YOUR ASSIGNMENT:
Would you return the lines between the one holding "Local Open Scope ring_scope." and the one holding "((forall G : set", inclusive, and only those, exactly as they stand in the listing below?

RECORDS PROVIDED:
· · · ·

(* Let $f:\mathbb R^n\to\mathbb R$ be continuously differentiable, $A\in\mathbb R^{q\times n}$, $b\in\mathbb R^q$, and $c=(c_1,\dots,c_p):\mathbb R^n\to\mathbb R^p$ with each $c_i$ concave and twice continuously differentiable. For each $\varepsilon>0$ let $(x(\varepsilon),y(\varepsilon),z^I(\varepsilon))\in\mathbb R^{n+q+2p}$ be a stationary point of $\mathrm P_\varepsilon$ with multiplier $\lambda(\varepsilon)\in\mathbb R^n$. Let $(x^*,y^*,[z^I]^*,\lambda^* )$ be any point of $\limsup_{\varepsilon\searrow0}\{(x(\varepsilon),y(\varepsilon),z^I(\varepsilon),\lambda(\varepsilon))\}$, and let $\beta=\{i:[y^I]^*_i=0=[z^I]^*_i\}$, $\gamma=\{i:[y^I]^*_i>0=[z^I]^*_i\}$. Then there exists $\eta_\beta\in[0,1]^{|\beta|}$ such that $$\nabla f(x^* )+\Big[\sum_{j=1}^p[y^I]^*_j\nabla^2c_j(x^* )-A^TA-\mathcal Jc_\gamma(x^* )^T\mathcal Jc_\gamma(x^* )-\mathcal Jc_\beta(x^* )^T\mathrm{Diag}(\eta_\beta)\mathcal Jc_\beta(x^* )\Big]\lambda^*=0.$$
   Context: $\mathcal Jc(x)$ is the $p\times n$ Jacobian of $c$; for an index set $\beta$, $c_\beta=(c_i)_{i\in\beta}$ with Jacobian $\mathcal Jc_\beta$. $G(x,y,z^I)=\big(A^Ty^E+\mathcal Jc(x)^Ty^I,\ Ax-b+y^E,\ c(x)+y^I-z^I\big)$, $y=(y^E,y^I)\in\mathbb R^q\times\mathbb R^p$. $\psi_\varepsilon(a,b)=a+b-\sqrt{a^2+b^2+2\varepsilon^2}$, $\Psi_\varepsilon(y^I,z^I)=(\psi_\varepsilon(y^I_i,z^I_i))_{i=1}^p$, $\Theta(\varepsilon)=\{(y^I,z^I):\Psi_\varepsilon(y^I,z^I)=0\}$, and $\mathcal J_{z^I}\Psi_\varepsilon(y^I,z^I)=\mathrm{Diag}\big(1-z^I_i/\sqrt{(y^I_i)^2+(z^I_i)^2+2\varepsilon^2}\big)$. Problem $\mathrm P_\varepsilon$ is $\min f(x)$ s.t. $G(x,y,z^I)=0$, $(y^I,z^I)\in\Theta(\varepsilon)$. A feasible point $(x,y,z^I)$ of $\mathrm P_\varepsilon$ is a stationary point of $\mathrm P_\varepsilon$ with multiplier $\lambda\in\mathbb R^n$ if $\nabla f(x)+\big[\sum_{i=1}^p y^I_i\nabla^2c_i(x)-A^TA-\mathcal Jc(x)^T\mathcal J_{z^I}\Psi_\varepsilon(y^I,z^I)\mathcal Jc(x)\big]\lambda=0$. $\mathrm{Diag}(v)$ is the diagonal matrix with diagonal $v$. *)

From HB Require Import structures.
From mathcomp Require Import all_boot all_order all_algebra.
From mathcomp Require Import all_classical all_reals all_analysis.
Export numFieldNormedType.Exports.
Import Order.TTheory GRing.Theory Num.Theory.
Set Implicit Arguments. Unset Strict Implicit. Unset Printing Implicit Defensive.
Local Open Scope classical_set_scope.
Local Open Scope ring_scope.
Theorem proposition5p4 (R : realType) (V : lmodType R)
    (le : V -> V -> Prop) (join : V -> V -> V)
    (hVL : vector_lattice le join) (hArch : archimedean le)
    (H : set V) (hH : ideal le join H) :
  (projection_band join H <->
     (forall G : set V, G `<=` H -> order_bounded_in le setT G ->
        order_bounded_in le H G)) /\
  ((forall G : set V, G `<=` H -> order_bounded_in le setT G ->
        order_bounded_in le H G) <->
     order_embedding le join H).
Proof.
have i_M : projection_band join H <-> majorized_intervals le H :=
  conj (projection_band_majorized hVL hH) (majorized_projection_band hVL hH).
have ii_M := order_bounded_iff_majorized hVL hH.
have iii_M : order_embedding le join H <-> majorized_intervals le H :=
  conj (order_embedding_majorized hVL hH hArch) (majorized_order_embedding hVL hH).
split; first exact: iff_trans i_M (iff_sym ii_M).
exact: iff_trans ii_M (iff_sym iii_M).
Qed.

· · · ·

RESPONSE TO THE TASK:
Local Open Scope ring_scope.
Theorem proposition5p4 (R : realType) (V : lmodType R)
    (le : V -> V -> Prop) (join : V -> V -> V)
    (hVL : vector_lattice le join) (hArch : archimedean le)
    (H : set V) (hH : ideal le join H) :
  (projection_band join H <->
     (forall G : set V, G `<=` H -> order_bounded_in le setT G ->
        order_bounded_in le H G)) /\
  ((forall G : set V, G `<=` H -> order_bounded_in le setT G ->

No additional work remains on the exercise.